1. **Metathesaurus**:
   - **Description**: A large, multilingual database containing over 1 million biomedical concepts from more than 100 sources.
   - **Organization**: Concepts in the Metathesaurus are organized hierarchically into four levels:
     - **Atoms**: The most granular level, each representing a unique occurrence of a term in a source vocabulary. Identified by a unique Atom Unique Identifier (AUI), starting with "A" followed by seven digits.
     - **Strings**: Each unique term or concept name maps to a String Unique Identifier (SUI), starting with "S" followed by seven digits.
     - **Lexicon Unique Identifier (LUI)**: Links lexical variants of terms detected by lexical variant generator programs. Identified by a unique LUI starting with "L" followed by seven digits.
     - **Concept Unique Identifier (CUI)**: Represents concepts that may have multiple names from different vocabularies. Identified by a unique CUI starting with "C" followed by seven digits.

   **Example**:
   - **Concept**: "Headache"
     - **Atoms**: Various AUI for occurrences of the term "headache" in different vocabularies.
     - **String Unique Identifiers**: "Headaches", "Cephalodynia" (all mapped to the same concept).
     - **Lexicon Unique Identifiers**: Variants like "cephalalgia" and "headache" mapped to a single CUI.
     - **Concept Unique Identifier**: C0018681 for "Headache".

2. **Semantic Network**:
   - **Description**: Provides a structured organization of concepts (CUIs) into hierarchies and relationships. It adds structure to the terms in the Metathesaurus, which lacks an overall hierarchy.
   - **Components**:
     - **Semantic Types**: 135 broad categories used to classify concepts.
     - **Semantic Relationships**: 54 types of relationships between concepts, such as "is a" relationships, which define the hierarchy.

   **Example**:
   - **Hierarchy**: "Headache" may be categorized under "Disorder" and "Symptom".
   - **Relationships**: "Headache" might have relationships to related conditions or symptoms, providing context and connections.

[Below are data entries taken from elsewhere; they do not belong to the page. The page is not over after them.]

(* relatively open subsets of X (subspace of the product topology) *)
Definition rel_open (X A : set cfg) : Prop :=
  A `<=` X /\
  forall x, A x -> exists F : set G,
      finite_set F /\ forall y, X y -> (forall h, F h -> y h = x h) -> A y.

Definition minimal_shift (X : set cfg) : Prop :=
  forall x, X x -> forall A, rel_open X A -> A !=set0 ->
    exists g, A (shift g x).

Definition open_cover (X : set cfg) (C : set (set cfg)) : Prop :=
  (forall A, C A -> rel_open X A) /\ X `<=` \bigcup_(A in C) A.

Definition has_subcover (X : set cfg) (C : set (set cfg)) (n : nat) : Prop :=
  exists f : 'I_n -> set cfg, (forall i, C (f i)) /\ X `<=` \bigcup_i f i.

Definition join_cover (C : set (set cfg)) (S : nat -> G) (n : nat) : set (set cfg) :=
  [set B | exists As : nat -> set cfg,
      (forall i, (1 <= i <= n)%N -> C (As i)) /\
      B = [set y | forall i, (1 <= i <= n)%N -> (shift (inv (S i)) @` As i) y]].
End Shift.

Section Entropy.
Variables (R : realType) (G : Type) (mul : G -> G -> G) (inv : G -> G) (m : nat).

Definition Ncov (X : set (cfg G m)) (C : set (set (cfg G m))) : R :=
  inf [set (n%:R : R) | n in [set n | has_subcover X C n]].

Definition seq_entropy_cover (X : set (cfg G m)) (U : set (set (cfg G m)))
    (S : nat -> G) : \bar R :=
  limn_esup (fun n : nat =>
    ((n%:R)^-1 * ln (Ncov X (join_cover mul inv U S n)))%:E).

Definition seq_entropy (X : set (cfg G m)) : \bar R :=
  ereal_sup [set e | exists (U : set (set (cfg G m))) (S : nat -> G),
                      open_cover X U /\ e = seq_entropy_cover X U S].
End Entropy.

From Pilot Require Import Defs.
From mathcomp Require Import all_boot all_order all_algebra.
From mathcomp Require Import all_classical all_reals.
From mathcomp Require Import ereal topology normedtype sequences exp.
From mathcomp Require Import finmap zify ring lra.
Import Order.TTheory GRing.Theory Num.Theory.
Local Open Scope classical_set_scope.
Local Open Scope ring_scope.

Set Implicit Arguments. Unset Strict Implicit. Unset Printing Implicit Defensive.

(* A Toeplitz sequence [toeplitz : int -> 'I_m] is built in the mixed radix system with
   radices [r_j = 2 m^(j+1) + 3]: [t] is a hole at level [j] when its [j]-th digit is odd
   and, read in base [m], extends the digit of level [j - 1]; the value at [t] is read off
   the first level at which [t] is not a hole.  Off the holes of level [< k] the sequence
   has period [p_k = r_0 ... r_(k-1)], so it is regularly recurrent and the orbit closure
   [X] of [toeplitz \o f], for [f : G -> int] onto, is a minimal subshift.  Points that
   are holes at all levels [<= K] are more than [2 K] apart, so a window of radius [K]
   sees at most one of them: the [n]-th join of any open cover then needs at most
   [C m^n] members, and [h* <= log m].  Conversely, choosing [N] prescribes the values at
   [N - p_0, ..., N - p_(n-1)] arbitrarily, so along the sequence [(p_i)] the [n]-th join
   of the cover by first letters needs [m^n] members, and [h* >= log m]. *)

Lemma divz_eqN1 (t d : int) : 0 < d -> - d <= t < 0 -> divz t d = -1.
Proof.
move=> d_gt0 /andP[dt t_lt0].
have : divz (1 * d + t) d = 1 + divz t d by rewrite divzMDl //; lia.
by rewrite divz_small; [lia | apply/andP; split; [lia | rewrite gtz0_abs; lia]].
Qed.

Lemma modzD1 (q r : int) : 0 < r -> modz q r + 1 < r ->
  modz (q + 1) r = modz q r + 1.
Proof.
move=> r_gt0 lt_r.
have -> : q + 1 = divz q r * r + (modz q r + 1) by rewrite {1}(divz_eq q r); ring.
by rewrite modzMDl modz_small //; have := @modz_ge0 q r; lia.
Qed.

Lemma modzB1 (q r : int) : 0 < r -> 1 <= modz q r ->
  modz (q - 1) r = modz q r - 1.
Proof.
move=> r_gt0 ge1.
have -> : q - 1 = divz q r * r + (modz q r - 1) by rewrite {1}(divz_eq q r); ring.
by rewrite modzMDl modz_small //; have := @ltz_pmod q r r_gt0; lia.
Qed.

Lemma divz_dist_le1 (t t' d : int) : 0 < d -> `|t - t'| < d ->
  `|divz t d - divz t' d| <= 1.
Proof.
move=> d_gt0 close.
have := divz_eq t d; have := divz_eq t' d.
have := @modz_ge0 t d; have := @modz_ge0 t' d.
have := @ltz_pmod t d d_gt0; have := @ltz_pmod t' d d_gt0.
move: (divz t d) (divz t' d) (modz t d) (modz t' d) => a b c c' lt_c' lt_c ge_c' ge_c et' et.
have {}ge_c : 0 <= c by apply: ge_c; lia.
have {}ge_c' : 0 <= c' by apply: ge_c'; lia.
have : (a - b) * d < 2 * d by nia.
have : - (2 * d) < (a - b) * d by nia.
nia.
Qed.

Section Toeplitz.
Variables (m : nat) (m_gt0 : (0 < m)%N).

Definition radix (j : nat) : nat := (2 * m ^ j.+1 + 3)%N.

Fixpoint period (j : nat) : nat := if j is j'.+1 then (period j' * radix j')%N else 1%N.

Local Notation Pz j := (Posz (period j)).

Lemma radix_ge5 j : (5 <= radix j)%N.
Proof. have : (0 < m ^ j.+1)%N by rewrite expn_gt0 m_gt0. by rewrite /radix; lia. Qed.

Lemma radix_odd j : odd (radix j).
Proof. by rewrite /radix oddD oddM. Qed.

Lemma period_gt0 j : (0 < period j)%N.
Proof. by elim: j => //= j IH; rewrite muln_gt0 IH; have := radix_ge5 j; lia. Qed.

Lemma periodz_gt0 j : 0 < Pz j.
Proof. by rewrite ltz_nat period_gt0. Qed.

Lemma double_lt_period j : (j.*2 < period j)%N.
Proof. by elim: j => //= j IH; have := radix_ge5 j; nia. Qed.

Lemma period_dvd j k : (j <= k)%N -> (period j %| period k)%N.
Proof.
move=> /subnKC <-; elim: (k - j)%N => [|i IH]; first by rewrite addn0.
by rewrite addnS dvdn_mulr.
Qed.

Definition digit (j : nat) (t : int) : nat := `|modz (divz t (Pz j)) (radix j)%:Z|%N.

Lemma digitE j t : (digit j t)%:Z = modz (divz t (Pz j)) (radix j)%:Z.
Proof. by rewrite /digit gez0_abs // modz_ge0 //; have := radix_ge5 j; lia. Qed.

Lemma digit_lt j t : (digit j t < radix j)%N.
Proof.
have := @ltz_pmod (divz t (Pz j)) (radix j)%:Z.
by rewrite -digitE; have := radix_ge5 j; lia.
Qed.

Lemma digitDperiod j k t q : (j < k)%N -> digit j (t + Pz k * q) = digit j t.
Proof.
move=> jk; apply/eqP; rewrite -eqz_nat !digitE; apply/eqP.
have /dvdnP [d ->] := period_dvd jk.
rewrite PoszM (_ : _ * q = (d%:Z * q * (radix j)%:Z) * Pz j) /=; last first.
  by rewrite -PoszM; ring.
by rewrite addrC divzMDl ?modzMDl //; have := periodz_gt0 j; lia.
Qed.

Lemma divz_periodS j t :
  divz t (Pz j) = divz t (Pz j.+1) * (radix j)%:Z + (digit j t)%:Z.
Proof. by rewrite digitE /= PoszM divzMA_ge0 // -divz_eq. Qed.

Lemma odd_digit_lt j t : odd (digit j t) -> ((digit j t).+1 < radix j)%N.
Proof.
move=> odd_d; rewrite ltn_neqAle digit_lt andbT.
by apply: contraTneq odd_d => e; move: (radix_odd j); rewrite -e.
Qed.

Definition hole (j : nat) (t : int) : bool :=
  odd (digit j t) &&
  ((digit j t)./2 %/ m == if j is j'.+1 then (digit j' t)./2 else 0)%N.

Lemma holeDperiod j k t q : (j < k)%N -> hole j (t + Pz k * q) = hole j t.
Proof.
move=> jk; rewrite /hole digitDperiod //.
by case: j jk => // j jk; rewrite digitDperiod // ltnW.
Qed.

Lemma not_hole_abs t : ~~ hole `|t|%N t.
Proof.
suff : digit `|t| t = 0%N \/ digit `|t| t = (radix `|t|).-1.
  by rewrite /hole; case=> -> //; rewrite -(odd_halfK (radix_odd _)) odd_double.
have := double_lt_period `|t|; rewrite -muln2 => small_t.
have [t_ge0|t_lt0] := leP 0 t.
  left; apply/eqP; rewrite -eqz_nat digitE divz_small ?mod0z //.
  by apply/andP; split => //; lia.
have div_t : divz t (Pz `|t|) = -1 by apply: divz_eqN1; [exact: periodz_gt0 | lia].
right; apply/eqP; rewrite -eqz_nat digitE div_t.
have r_ge5 := radix_ge5 `|t|.
rewrite (_ : -1 = -1 * (radix `|t|)%:Z + ((radix `|t|).-1)%:Z); last by lia.
by rewrite modzMDl modz_small //; lia.
Qed.

Lemma ex_not_hole t : exists j, ~~ hole j t.
Proof. by exists `|t|%N; exact: not_hole_abs. Qed.

Definition level (t : int) : nat := ex_minn (ex_not_hole t).

Lemma levelP t : ~~ hole (level t) t /\ forall j, (j < level t)%N -> hole j t.
Proof.
rewrite /level; case: ex_minnP => j hj j_min; split => // i ij.
by apply/negPn/negP => /j_min; rewrite leqNgt ij.
Qed.

Lemma level_le_abs t : (level t <= `|t|)%N.
Proof. by rewrite /level; case: ex_minnP => j _ j_min; apply: j_min (not_hole_abs t). Qed.

Lemma level_unique t j :
  ~~ hole j t -> (forall i, (i < j)%N -> hole i t) -> level t = j.
Proof.
move=> not_j below_j; have [not_l below_l] := levelP t.
apply/eqP; rewrite eqn_leq; apply/andP; split; rewrite leqNgt; apply/negP.
  by move/below_l; apply/negP.
by move/below_j; apply/negP.
Qed.

Lemma levelDperiod k t q : (level t < k)%N -> level (t + Pz k * q) = level t.
Proof.
move=> lt_k; have [not_l below_l] := levelP t.
apply: level_unique => [|i il]; first by rewrite holeDperiod.
by rewrite holeDperiod ?below_l // (ltn_trans il).
Qed.

Definition toeplitz (t : int) : 'I_m := Ordinal (ltn_pmod (digit (level t) t)./2 m_gt0).

Lemma toeplitzDperiod k t q : (level t < k)%N -> toeplitz (t + Pz k * q) = toeplitz t.
Proof. by move=> lt_k; apply: val_inj; rewrite /= levelDperiod // digitDperiod. Qed.

Definition deep (d : nat) (t : int) : Prop := forall j, (j < d)%N -> hole j t.

Lemma deepDperiod d t q : deep d t -> deep d (t + Pz d * q).
Proof. by move=> dt j jd; rewrite holeDperiod // dt. Qed.

Lemma level_lt_not_deep d t : ~ deep d t -> (level t < d)%N.
Proof.
move=> not_deep; rewrite ltnNge; apply/negP => dl.
by apply: not_deep => j jd; apply: (proj2 (levelP t)); exact: leq_trans jd dl.
Qed.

3. **Specialist Lexicon**:
   - **Description**: Contains over 300,000 entries for common and biomedical terms in English. Includes information on part of speech, syntax, and morphology.
   - **Purpose**: Used with natural language processing (NLP) tools to process and analyze biomedical text.
   - **Popular Tools**:
     - **MMTX**: A tool for mapping concepts to UMLS identifiers.
     - **MetaMap**: A tool for identifying UMLS concepts and relationships within biomedical text.

### Summary

- **UMLS** integrates various biomedical terminologies and ontologies into a unified system.
- **Metathesaurus**: Organizes concepts with unique identifiers at multiple levels (AUI, SUI, LUI, CUI).
- **Semantic Network**: Provides hierarchical and relational structure to concepts.
- **Specialist Lexicon**: Contains detailed lexical information and is used with NLP tools for text processing.

#### Quizzes

1. **What is the unique identifier for the concept "Headache" in UMLS?**
   - **Answer**: C0018681

2. **What are the three components of UMLS?**
   - **Answer**: Metathesaurus, Semantic Network, Specialist Lexicon

3. **What is the purpose of the Specialist Lexicon in UMLS?**
   - **Answer**: To provide lexical information for common and biomedical terms and to be used with NLP tools for processing biomedical text.